9. Please give us some suggestions about how to prevent some of the mistakes in fanfiction:
SPENDER: Don’t post drunk! TARA: Do research! Preferably correct research. MULDER: Spelling and grammar check. And check those SmartQuotes. SCULLY: A full psych evaluation before posting that epic of yours. MRS. SCULLY: Please check Gossamer before using a title. Lesser things have caused great flame wars. MRS. MULDER: Definitely check your diva-sized ego at the door and be your most creative. CANCERMAN: But remember to try and stay in character. SKINNER: And always use beta-readers. KRYCEK: And remember continuity. BILL JUNIOR: That will, after all, put you one step ahead of 1013. PENDRELL: Use the Force, and the Force will be with you. Always. FOWLEY: Again, thank you, Pendrell-Sue.

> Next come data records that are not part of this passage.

(* The product (sum over words_ZZZ_2) (sum over words_ZZZ_1) in the group
   ring turns Z_a Z_b Z_c into W_a. *)
Definition words_ZZZ_1 : seq (seq (seq 'F_2)) :=
  [:: [::]; [:: [:: 1; 0; 0; 0; 0; 0]; [:: 1; 0; 1; 0; 0; 0]];
            [:: [:: 1; 0; 1; 0; 0; 0]; [:: 0; 0; 1; 1; 0; 0]]].
Definition words_ZZZ_2 : seq (seq (seq 'F_2)) :=
  [:: [:: [:: 0; 0; 0; 0; 1; 0]]; [:: [:: 1; 0; 0; 0; 0; 0]; [:: 1; 0; 0; 0; 1; 0]];
      [:: [:: 0; 1; 0; 0; 1; 0]; [:: 1; 1; 0; 0; 1; 1]]].
Definition words_ZZZ_to_W : seq (seq (seq 'F_2)) :=
  [seq ws2 ++ ws1 | ws2 <- words_ZZZ_2, ws1 <- words_ZZZ_1].

Lemma local_ZZZ_to_W (x1 x2 x3 x4 x5 x6 : 'F_2) :
  \sum_(ws <- words_ZZZ_to_W)
    (let t := run ws [:: x1; x2; x3; x4; x5; x6] in t`_0 * t`_2 * t`_4) = x1 * x2.
Proof. by rewrite unlock; enum_F2. Qed.

End LocalIdentities.


Section Moves.

Lemma card_pick (A : {set 'I_m}) n : #|A| = n.+1 -> exists2 a, a \in A & #|A :\ a| = n.
Proof.
move=> cardA; have [a aA] : exists a, a \in A by apply/card_gt0P; rewrite cardA.
by exists a => //; move: cardA; rewrite (cardsD1 a) aA => -[].
Qed.

Lemma off_frame (A : {set 'I_m}) (l : frame) :
  all (fun p => p.1 \notin A) l -> {in A, forall i, i \notin [seq p.1 | p <- l]}.
Proof.
by move=> /allP off i iA; apply/mapP => -[p /off p_off i_eq]; rewrite -i_eq iA in p_off.
Qed.

Lemma move_W_to_Z sigma upsilon (f : Fn m) : (0 < sigma)%N ->
  class_fun 0 sigma 0 upsilon f ->
  exists G : {set M}, (forall h, h \in G -> symplectic h) /\
    class_fun 0 sigma.-1 1 upsilon (act G f).
Proof.
case: sigma => // sigma _ /monomial_of_class0 [S [T [z [_ cardS /eqP]]]].
rewrite cards_eq0 => /eqP -> [_ cardU] f_eq.
have [a aS cardSa] := card_pick cardS.
have [|||||G symG actG] := @local_move f [:: (a, true)] words_W_to_Z
  (fun t => t`_0 * t`_1) (fun t => t`_0) (S :\ a) set0 z _ _ _ _ _.
- by [].
- by [].
- by apply: off_frame; rewrite /= setU0 !inE eqxx.
- by move=> v; rewrite f_eq /monomial !big_set0 (big_setD1 a aS) (Wc_coord _ _ true) /=; ring.
- by move=> v; apply: local_W_to_Z.
exists G; split=> //.
apply: (@class0_of_monomial _ _ _ (S :\ a) [set a] (fun _ => true)) => //.
- by rewrite disjoint_sym disjoints1 setD11.
- by rewrite cards1.
- by rewrite -cardU addn1 addn0.
- by move=> v; rewrite actG /monomial big_set0 big_set1 /Zc /xc /= /coord; ring.
Qed.

Lemma move_drop_Z sigma upsilon (f : Fn m) :
  class_fun 0 sigma 2 upsilon f ->
  exists G : {set M}, (forall h, h \in G -> symplectic h) /\
    class_fun 0 sigma 1 upsilon.+1 (act G f).
Proof.
move=> /monomial_of_class0 [S [T [z [disjST cardS cardT [le_m cardU] f_eq]]]].
have [b bT cardTb] := card_pick cardT.
have [c cTb cardTbc] := card_pick cardTb.
have [c_neq_b cT] := setD1P cTb.
have [|||||G symG actG] := @local_move f [:: (b, z b); (c, z c)] words_drop_Z
  (fun t => t`_0 * t`_2) (fun t => t`_2) S (T :\ b :\ c) z _ _ _ _ _.
- by rewrite /= inE andbT eq_sym.
- by [].
- apply: off_frame; rewrite /= !inE !eqxx (disjointFl disjST bT) (disjointFl disjST cT).
  by rewrite !andbF.
- move=> v; rewrite f_eq /monomial (big_setD1 b bT) (big_setD1 c cTb) /= !Zc_coord; ring.
- by move=> v; apply: local_drop_Z.
exists G; split=> //.
apply: (@class0_of_monomial _ _ _ S (T :\ b) z) => //.
- exact: disjointWr (subD1set T b) disjST.
- by rewrite -cardU; move: le_m; clear; lia.
- by move=> v; rewrite actG /monomial (big_setD1 c cTb) /= Zc_coord; ring.
Qed.


Lemma move_drop_Z_at_W sigma upsilon (f : Fn m) : (0 < sigma)%N ->
  class_fun 0 sigma 1 upsilon f ->
  exists G : {set M}, (forall h, h \in G -> symplectic h) /\
    class_fun 0 sigma 0 upsilon.+1 (act G f).
Proof.
move=> sigma_gt0 /monomial_of_class0 [S [T [z [disjST cardS cardT [le_m cardU] f_eq]]]].
have [c cT /eqP] := card_pick cardT; rewrite cards_eq0 => /eqP Tc_empty.
have [a aS] : exists a, a \in S by apply/card_gt0P; rewrite cardS.
have a_neq_c : a != c by apply: contraFneq (disjointFr disjST aS) => ->.
have [|||||G symG actG] := @local_move f [:: (a, true); (c, z c)] words_drop_Z_at_W
  (fun t => t`_0 * t`_1 * t`_2) (fun t => t`_0 * t`_1) (S :\ a) (T :\ c) z _ _ _ _ _.
- by rewrite /= inE andbT.
- by [].
- apply: off_frame; rewrite /= !inE !eqxx (disjointFr disjST aS) (disjointFl disjST cT).
  by rewrite !andbF.
- move=> v; rewrite f_eq /monomial (big_setD1 a aS) (big_setD1 c cT) /=.
  by rewrite Zc_coord (Wc_coord _ _ true); ring.
- by move=> v; apply: local_drop_Z_at_W.
exists G; split=> //.
apply: (@class0_of_monomial _ _ _ S set0 z) => //.
- by rewrite -setI_eq0 setI0.
- by rewrite cards0.
- by rewrite -cardU; move: le_m; clear; lia.
- move=> v; rewrite actG /monomial Tc_empty !big_set0 (big_setD1 a aS) /=.
  by rewrite (Wc_coord _ _ true); ring.
Qed.

Lemma move_ZZZ_to_W sigma tau upsilon (f : Fn m) :
  class_fun 0 sigma tau.+3 upsilon f ->
  exists G : {set M}, (forall h, h \in G -> symplectic h) /\
    class_fun 0 sigma.+1 tau (upsilon + 2) (act G f).
Proof.
move=> /monomial_of_class0 [S [T [z [disjST cardS cardT [le_m cardU] f_eq]]]].
have [a aT cardTa] := card_pick cardT.
have [b bTa cardTab] := card_pick cardTa.
have [c cTab cardR] := card_pick cardTab.
have [b_neq_a bT] := setD1P bTa.
have [c_neq_b /setD1P [c_neq_a cT]] := setD1P cTab.
set R := T :\ a :\ b :\ c in cardR *.
have sub_RT : R \subset T by apply/subsetP => i; rewrite !inE => /and4P [].
have aS : a \notin S by rewrite (disjointFl disjST aT).
have [|||||G symG actG] := @local_move f [:: (a, z a); (b, z b); (c, z c)] words_ZZZ_to_W
  (fun t => t`_0 * t`_2 * t`_4) (fun t => t`_0 * t`_1) S R z _ _ _ _ _.
- by rewrite /= !inE !negb_or eq_sym b_neq_a eq_sym c_neq_a eq_sym c_neq_b.
- by [].
- apply: off_frame; rewrite /= !inE !eqxx (negbTE aS) (disjointFl disjST bT).
  by rewrite (disjointFl disjST cT) !andbF.
- move=> v; rewrite f_eq /monomial (big_setD1 a aT) (big_setD1 b bTa) (big_setD1 c cTab) /=.
  by rewrite !Zc_coord; ring.
- by move=> v; apply: local_ZZZ_to_W.
exists G; split=> //.
apply: (@class0_of_monomial _ _ _ (a |: S) R z) => //.
- rewrite disjoints_subset subUset sub1set -disjoints_subset !inE eqxx !andbF /=.
  exact: disjointWr sub_RT disjST.
- by rewrite cardsU1 aS cardS.
- by rewrite -cardU; move: le_m; clear; lia.
- move=> v; rewrite actG /monomial (big_setU1 _ aS) /= (Wc_coord _ _ (z a)); ring.
Qed.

10. If you had just ONE wish for a fanfic, what would it be? FROHIKE: To get laid. KRYCEK: For Mulder and Scully to have kids NOT named Melissa or Samantha or William. MRS. MULDER: To stop dying in fanfiction. MRS. SCULLY: A lengthy Spender/Pendrell casefile story. SCULLY: A week’s vacation in Europe without Mulder, without romance, and without fanfic being written about it. MULDER: An Evil Dead/X-Files crossover where I got to get Bruce Campbell. Skinner: I’d like to be less surly and more of a pectoral god. CANCERMAN: I don’t have to wish. Whatever I want, I get. SPENDER: Contract renegotiation.
Well, that’s all! Thank you so much for filling out our form and please send any additional comments or suggestions to the Council at your convenience!
Love and Kisses,
The Local 1013.
P.S. Spender, for insolence you will be slashed with Chachi and Greg Brady at your earliest possible convenience. Please report to the Crossover Punishment Booth by tomorrow.